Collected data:
(* The relative simplicial complex $X=(Q^*,A^* )$ is not partitionable.
   Context: $Q^*$ is the $3$-dimensional simplicial complex on vertex set $\{0,1,\dots,13\}$ whose faces are all subsets of the following $20$ facets: $\{2,5,6,12\}$, $\{1,5,8,11\}$, $\{0,1,2,5\}$, $\{1,4,8,9\}$, $\{1,2,3,10\}$, $\{4,5,8,13\}$, $\{0,1,2,3\}$, $\{1,4,9,10\}$, $\{1,2,9,10\}$, $\{1,2,5,6\}$, $\{0,2,5,12\}$, $\{4,5,7,13\}$, $\{1,4,5,8\}$, $\{1,2,6,9\}$, $\{1,3,4,7\}$, $\{1,3,4,10\}$, $\{1,5,6,11\}$, $\{1,4,5,7\}$, $\{1,6,9,11\}$, $\{1,8,9,11\}$. $A^*$ is the induced subcomplex of $Q^*$ on vertex set $\{0,2,3,4,6,7,8,10,12,13\}$; its facets are $\{0,2,3\}$, $\{4,7,13\}$, $\{3,4,10\}$, $\{0,2,12\}$, $\{3,4,7\}$, $\{2,3,10\}$, $\{2,6,12\}$, $\{4,8,13\}$. A relative simplicial complex $(\Delta,\Gamma)$ is a pair of simplicial complexes with $\Gamma\subseteq\Delta$; its faces are the elements of $\Delta\setminus\Gamma$, and its facets are the inclusion-maximal faces of $\Delta\setminus\Gamma$. A pure relative complex with facets $F_1,\dots,F_n$ is partitionable if its set of faces is a disjoint union of Boolean intervals $[R_i,F_i]=\{G : R_i\subseteq G\subseteq F_i\}$, $i=1,\dots,n$ (each interval consisting of faces of the relative complex). *)

From mathcomp Require Import all_boot.
Set Implicit Arguments. Unset Strict Implicit. Unset Printing Implicit Defensive.

Notation V := 'I_14.

Definition vset (s : seq nat) : {set V} := [set x : V | val x \in s].

Definition facetsQ : seq {set V} := map vset
  [:: [:: 2;5;6;12]; [:: 1;5;8;11]; [:: 0;1;2;5]; [:: 1;4;8;9]; [:: 1;2;3;10];
      [:: 4;5;8;13]; [:: 0;1;2;3]; [:: 1;4;9;10]; [:: 1;2;9;10]; [:: 1;2;5;6];
      [:: 0;2;5;12]; [:: 4;5;7;13]; [:: 1;4;5;8]; [:: 1;2;6;9]; [:: 1;3;4;7];
      [:: 1;3;4;10]; [:: 1;5;6;11]; [:: 1;4;5;7]; [:: 1;6;9;11]; [:: 1;8;9;11]].

Definition Qstar : {set {set V}} :=
  [set G : {set V} | has (fun F : {set V} => G \subset F) facetsQ].

Definition Avert : {set V} := vset [:: 0;2;3;4;6;7;8;10;12;13].
Definition Astar : {set {set V}} := [set G in Qstar | G \subset Avert].

Definition rel_faces (T : finType) (Delta Gamma : {set {set T}}) : {set {set T}} :=
  Delta :\: Gamma.

Definition facets_of (T : finType) (faces : {set {set T}}) : {set {set T}} :=
  [set G in faces | [forall H in faces, (G \subset H) ==> (H == G)]].

Definition interval (T : finType) (R F : {set T}) : {set {set T}} :=
  [set G : {set T} | (R \subset G) && (G \subset F)].

Definition partitionable (T : finType) (faces : {set {set T}}) : Prop :=
  exists R : {set T} -> {set T},
    [/\ (forall F, F \in facets_of faces ->
            R F \subset F /\ interval (R F) F \subset faces),
        (forall F1 F2, F1 \in facets_of faces -> F2 \in facets_of faces ->
            F1 != F2 -> [disjoint interval (R F1) F1 & interval (R F2) F2])
      & faces = \bigcup_(F in facets_of faces) interval (R F) F].

From mathcomp Require Import all_boot.

Set Implicit Arguments. Unset Strict Implicit. Unset Printing Implicit Defensive.

(* A partitioning of X chooses for every facet F a face R(F) of F.  Making
   these choices one facet at a time, two constraints can be checked as soon as
   F is treated: its interval must miss the intervals chosen before, and every
   face of F contained in no later facet must by now be covered.  Faces are
   coded by lists of vertex labels, so that the resulting backtracking search
   runs in the kernel; for the facets of X it finds no complete choice. *)

Section Intervals.
Variable T : finType.
Implicit Types R F G H : {set T}.

Lemma disjoint_interval R1 F1 R2 F2 : R1 \subset F1 -> R2 \subset F2 ->
  [disjoint interval R1 F1 & interval R2 F2] = ~~ ((R1 \subset F2) && (R2 \subset F1)).
Proof.
move=> sRF1 sRF2; apply/idP/idP => [D | /negP N].
- apply/negP=> /andP[sR1F2 sR2F1].
  have G12 : R1 :|: R2 \in interval R1 F1 by rewrite inE subsetUl subUset sRF1.
  by move: (disjointFr D G12); rewrite inE subsetUr subUset sR1F2 sRF2.
- rewrite -setI_eq0; apply/eqP/setP => G; rewrite !inE.
  apply/negP => /and3P[/andP[sR1G sGF1] sR2G sGF2].
  by apply: N; rewrite (subset_trans sR1G sGF2) (subset_trans sR2G sGF1).
Qed.

Lemma facets_of_generated (Fs : seq {set T}) (Gamma : {set {set T}}) :
  {in Fs &, forall F1 F2, F1 \subset F2 -> F1 = F2} -> {in Fs, forall F, F \notin Gamma} ->
  facets_of ([set G : {set T} | has (fun F => G \subset F) Fs] :\: Gamma) =i Fs.
Proof.
move=> antichain FsGamma; set faces := _ :\: _.
have Fs_faces F : F \in Fs -> F \in faces.
  by move=> FFs; rewrite in_setD FsGamma // inE; apply/hasP; exists F.
have face_sub G : G \in faces -> exists2 F, F \in Fs & G \subset F.
  by rewrite in_setD inE => /andP[_ /hasP].
move=> F; rewrite inE; apply/andP/idP => [[/face_sub[F' F'Fs sFF'] /forall_inP max]|FFs].
  by rewrite -(eqP (implyP (max F' (Fs_faces _ F'Fs)) sFF')).
split; first exact: Fs_faces.
apply/forall_inP => H /face_sub[F' F'Fs sHF']; apply/implyP => sFH.
have EF : F = F' by apply: antichain => //; exact: subset_trans sFH sHF'.
by rewrite eqEsubset sFH EF sHF'.
Qed.

End Intervals.

Section Search.
Variable S : eqType.
Implicit Types s t g r : seq S.

Definition lsubset s t := all (mem t) s.

Fixpoint subseqs s : seq (seq S) :=
  if s is x :: s' then [seq x :: u | u <- subseqs s'] ++ subseqs s' else [:: [::]].

Lemma filter_subseqs (p : pred S) s : filter p s \in subseqs s.
Proof.
elim: s => [|x s IHs] /=; first by rewrite mem_seq1.
by case: (p x); rewrite mem_cat ?IHs ?orbT // map_f.
Qed.

Lemma subseqs_subset r s : r \in subseqs s -> {subset r <= s}.
Proof.
elim: s r => [|x s IHs] r /=; first by rewrite mem_seq1 => /eqP ->.
rewrite mem_cat => /orP[/mapP[u /IHs sus ->] y|/IHs sus y ry].
  by rewrite !in_cons => /orP[->|/sus ->]; rewrite ?orbT.
by rewrite in_cons sus ?orbT.
Qed.

Variable isface : pred (seq S).

Definition covers (p : seq S * seq S) g := lsubset p.1 g && lsubset g p.2.

Definition admissible (chosen : seq (seq S * seq S)) F (pending : seq (seq S)) r :=
  [&& isface r,
      all (fun p => ~~ (lsubset r p.2 && lsubset p.1 F)) chosen &
      all (fun g => has (fun p => covers p g) ((r, F) :: chosen)) pending].

(* [pending] lists the faces of [F] lying in no later facet: they must be
   covered as soon as the interval of [F] is chosen.  The recursive call sits
   under an [if] rather than an [&&] so that it stays lazy under [vm_compute]. *)
Fixpoint partition_search (chosen : seq (seq S * seq S)) (Fs : seq (seq S)) : bool :=
  if Fs is F :: Fs' then
    let pending := [seq g <- subseqs F | ~~ has (lsubset g) Fs' & isface g] in
    has (fun r => if admissible chosen F pending r
                  then partition_search ((r, F) :: chosen) Fs' else false)
        (subseqs F)
  else true.

End Search.

Section Codes.
Variables (T : finType) (S : eqType) (f : T -> S).
Hypothesis f_inj : injective f.
Implicit Types s t : seq S.

Definition set_of_code s : {set T} := [set x | f x \in s].

Lemma subset_codeE s t :
  {subset s <= codom f} -> (set_of_code s \subset set_of_code t) = lsubset s t.
Proof.
move=> s_f; apply/subsetP/allP => [sub y ys | sub x]; last by rewrite !inE => /sub.
by have /codomP[x Ey] := s_f y ys; move: (sub x) ys; rewrite !inE Ey; apply.
Qed.

Lemma set_of_code_filter (G : {set T}) s :
  G \subset set_of_code s -> set_of_code [seq y <- s | y \in map f (enum G)] = G.
Proof.
move=> /subsetP sGs; apply/setP => x; rewrite !inE mem_filter mem_map // mem_enum.
by apply/andP/idP => [[] | xG] //; split=> //; have := sGs x xG; rewrite inE.
Qed.

End Codes.

Section Completeness.
Variables (T : finType) (S : eqType) (f : T -> S).
Variables (faces : {set {set T}}) (isface : pred (seq S)).
Hypothesis f_inj : injective f.
Hypothesis isfaceE :
  forall g, {subset g <= codom f} -> isface g = (set_of_code f g \in faces).

Local Notation code := (set_of_code f).

Section Partition.
Variable R : {set T} -> {set T}.
Hypothesis R_facet : forall F, F \in facets_of faces ->
  R F \subset F /\ interval (R F) F \subset faces.
Hypothesis R_disjoint : forall F1 F2,
  F1 \in facets_of faces -> F2 \in facets_of faces -> F1 != F2 ->
  [disjoint interval (R F1) F1 & interval (R F2) F2].
Hypothesis R_cover : faces = \bigcup_(F in facets_of faces) interval (R F) F.

Definition R_code (F : seq S) := [seq y <- F | y \in map f (enum (R (code F)))].

Definition search_invariant (chosen : seq (seq S * seq S)) (Fs : seq (seq S)) :=
  [/\ {in Fs ++ unzip2 chosen, forall F, {subset F <= codom f}},
      forall p, p \in chosen -> {subset p.1 <= p.2} /\ code p.1 = R (code p.2),
      uniq (map code (Fs ++ unzip2 chosen))
    & facets_of faces =i map code (Fs ++ unzip2 chosen)].

Section Step.
Variables (chosen : seq (seq S * seq S)) (F : seq S) (Fs : seq (seq S)).
Hypothesis inv : search_invariant chosen (F :: Fs).

Lemma head_facet : code F \in facets_of faces.
Proof. by case: inv => _ _ _ ->; rewrite map_f ?mem_head. Qed.

Lemma head_range : {subset F <= codom f}.
Proof. by case: inv => range _ _ _; apply: range; rewrite mem_head. Qed.

Lemma chosen_facet p : p \in chosen -> code p.2 \in facets_of faces.
Proof. by case: inv => _ _ _ -> pc; rewrite map_f // mem_cat (map_f snd pc) orbT. Qed.

Lemma chosen_range p : p \in chosen ->
  {subset p.1 <= codom f} /\ {subset p.2 <= codom f}.
Proof.
case: inv => range chosen_R _ _ pc.
have range_p2 : {subset p.2 <= codom f}.
  by apply: range; rewrite mem_cat (map_f snd pc) orbT.
by split=> // y /(chosen_R p pc).1 /range_p2.
Qed.

Lemma R_code_sub : {subset R_code F <= F}.
Proof. by move=> y; rewrite mem_filter => /andP[]. Qed.

Lemma R_code_range : {subset R_code F <= codom f}.
Proof. by move=> y /R_code_sub /head_range. Qed.

Lemma code_R_code : code (R_code F) = R (code F).
Proof. exact/set_of_code_filter/(R_facet head_facet).1. Qed.

Lemma R_code_face : isface (R_code F).
Proof.
have [sRF RF_faces] := R_facet head_facet.
rewrite isfaceE; last exact: R_code_range.
by rewrite code_R_code (subsetP RF_faces) // inE subxx sRF.
Qed.

Lemma R_code_disjoint :
  all (fun p => ~~ (lsubset (R_code F) p.2 && lsubset p.1 F)) chosen.
Proof.
apply/allP => p pc; case: inv => _ chosen_R uniq_Fs _.
have [_ code_p1] := chosen_R p pc.
have [range_p1 range_p2] := chosen_range pc.
have [range_F range_R] := (head_range, R_code_range).
have neq : code F != code p.2.
  apply: contraTneq uniq_Fs => EF.
  by rewrite /= EF map_cat mem_cat (map_f code (map_f snd pc)) orbT.
have := R_disjoint head_facet (chosen_facet pc) neq.
rewrite disjoint_interval ?(R_facet (chosen_facet pc)).1 ?(R_facet head_facet).1 //.
by rewrite -code_R_code -code_p1 !subset_codeE.
Qed.

Lemma R_code_covers g : g \in subseqs F -> ~~ has (lsubset g) Fs -> isface g ->
  has (fun p => covers p g) ((R_code F, F) :: chosen).
Proof.
move=> gF not_later; have [range_F range_R] := (head_range, R_code_range).
have range_g : {subset g <= codom f} by move=> y /(subseqs_subset gF) /range_F.
rewrite isfaceE // R_cover => /bigcupP[F0]; case: inv => _ chosen_R _ ->.
case/mapP=> q q_in ->; rewrite inE => /andP[sRg sgq].
move: q_in; rewrite mem_cat => /orP[/predU1P[Eq | q_later] | /mapP[p pc Ep]].
- by subst q; rewrite /= /covers -!(subset_codeE (f:=f)) // code_R_code sRg sgq.
- by case/negP: not_later; apply/hasP; exists q; rewrite // -(subset_codeE (f:=f)).
- subst q; have [range_p1 range_p2] := chosen_range pc.
  apply/orP; right; apply/hasP; exists p => //.
  by rewrite /covers -!(subset_codeE (f:=f)) // (chosen_R p pc).2 sRg sgq.
Qed.

Lemma search_invariant_cons : search_invariant ((R_code F, F) :: chosen) Fs.
Proof.
have perm_Fs : perm_eq (Fs ++ F :: unzip2 chosen) (F :: Fs ++ unzip2 chosen).
  by rewrite -cat1s perm_catCA.
case: inv => range chosen_R uniq_Fs facets_Fs; split => /=.
- by move=> F0; rewrite (perm_mem perm_Fs); apply: range.
- move=> p; rewrite in_cons => /predU1P[-> | /chosen_R //].
  by split; [apply: R_code_sub | apply: code_R_code].
- by rewrite (perm_uniq (perm_map code perm_Fs)).
- by move=> G; rewrite facets_Fs (perm_mem (perm_map code perm_Fs)).
Qed.

End Step.

Lemma partition_search_complete (Fs : seq (seq S)) (chosen : seq (seq S * seq S)) :
  search_invariant chosen Fs -> partition_search isface chosen Fs.
Proof.
elim: Fs chosen => [//|F Fs IH] chosen inv /=.
apply/hasP; exists (R_code F); first exact: filter_subseqs.
rewrite ifT; first exact/IH/search_invariant_cons.
rewrite /admissible (R_code_face inv) (R_code_disjoint inv); apply/allP => g.
by rewrite mem_filter => /andP[/andP[]] *; apply: (R_code_covers inv).
Qed.

End Partition.

Lemma partitionable_search (Fs : seq (seq S)) :
  {in Fs, forall F, {subset F <= codom f}} ->
  uniq (map code Fs) -> facets_of faces =i map code Fs ->
  partitionable faces -> partition_search isface [::] Fs.
Proof.
move=> range_Fs uniq_Fs facets_Fs [R [R_facet R_disjoint R_cover]].
by apply: (partition_search_complete R_facet R_disjoint R_cover); split; rewrite ?cats0.
Qed.

End Completeness.

(* Any order of the facets of Q^* is correct; this one, found by a local search,
   keeps the search tree at about 1750 nodes. *)
Definition search_order : seq (seq nat) :=
  [:: [:: 1;4;9;10]; [:: 1;2;9;10]; [:: 1;2;6;9]; [:: 1;4;8;9]; [:: 1;6;9;11];
      [:: 1;8;9;11]; [:: 1;5;8;11]; [:: 1;5;6;11]; [:: 1;4;5;8]; [:: 1;2;5;6];
      [:: 1;4;5;7]; [:: 0;1;2;5]; [:: 2;5;6;12]; [:: 0;2;5;12]; [:: 1;3;4;7];
      [:: 1;3;4;10]; [:: 4;5;8;13]; [:: 4;5;7;13]; [:: 0;1;2;3]; [:: 1;2;3;10]].

Definition A_vertices : seq nat := [:: 0;2;3;4;6;7;8;10;12;13].

Definition X_face (g : seq nat) := has (lsubset g) search_order && ~~ lsubset g A_vertices.

Lemma X_not_partition_search : partition_search X_face [::] search_order = false.
Proof. by vm_compute. Qed.

Lemma search_order_range :
  {in search_order, forall F, {subset F <= codom (@nat_of_ord 14)}}.
Proof.
have small : all (all (fun y => y < 14)) search_order by [].
move=> F /(allP small) /allP F_small y /F_small y14.
by apply/codomP; exists (Ordinal y14).
Qed.

Lemma search_order_antichain :
  {in search_order &, forall s t, lsubset s t -> s = t}.
Proof.
have incomparable :
  all (fun s => all (fun t => lsubset s t ==> (s == t)) search_order) search_order by [].
by move=> s t /(allP incomparable) /allP /[apply] /implyP /[apply] /eqP.
Qed.

Lemma subset_vsetE s t : s \in search_order -> (vset s \subset vset t) = lsubset s t.
Proof. by move=> /search_order_range; apply: subset_codeE. Qed.

Lemma search_order_not_A : {in search_order, forall s, ~~ lsubset s A_vertices}.
Proof. exact/allP. Qed.

Lemma facetsQ_perm : perm_eq facetsQ (map vset search_order).
Proof. by apply: perm_map. Qed.

Lemma uniq_facets : uniq (map vset search_order).
Proof.
rewrite map_inj_in_uniq // => s t sQ tQ Est.
by apply: search_order_antichain; rewrite // -subset_vsetE // Est.
Qed.

Lemma facets_X : facets_of (rel_faces Qstar Astar) =i map vset search_order.
Proof.
move=> G; rewrite (facets_of_generated _ _) ?(perm_mem facetsQ_perm) //.
- move=> _ _ /[!(perm_mem facetsQ_perm)] /mapP[s sQ ->] /mapP[t tQ ->].
  by rewrite subset_vsetE // => /search_order_antichain ->.
- move=> _ /[!(perm_mem facetsQ_perm)] /mapP[s sQ ->].
  by rewrite inE /Avert subset_vsetE // (negbTE (search_order_not_A sQ)) andbF.
Qed.

Lemma X_faceE g : {subset g <= codom (@nat_of_ord 14)} ->
  X_face g = (set_of_code (@nat_of_ord 14) g \in rel_faces Qstar Astar).
Proof.
move=> g_range; rewrite /rel_faces in_setD /Astar /Qstar !inE.
rewrite (perm_has _ facetsQ_perm) has_map.
rewrite (@eq_has _ _ (lsubset g)) => [|s /=]; last by rewrite subset_codeE.
by rewrite /Avert subset_codeE // /X_face -/A_vertices; case: has; case: lsubset.
Qed.

Theorem theorem3p6 : ~ partitionable (rel_faces Qstar Astar).
Proof.
move=> /(partitionable_search (@ord_inj 14) X_faceE search_order_range uniq_facets facets_X).
by rewrite X_not_partition_search.
Qed.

**Work item**
Your answer should be the lines above from the one containing "End Search." through the one containing "Lemma subset_codeE s", copied exactly and with both ends kept.

**Problem solution**
End Search.

Section Codes.
Variables (T : finType) (S : eqType) (f : T -> S).
Hypothesis f_inj : injective f.
Implicit Types s t : seq S.

Definition set_of_code s : {set T} := [set x | f x \in s].

Lemma subset_codeE s t :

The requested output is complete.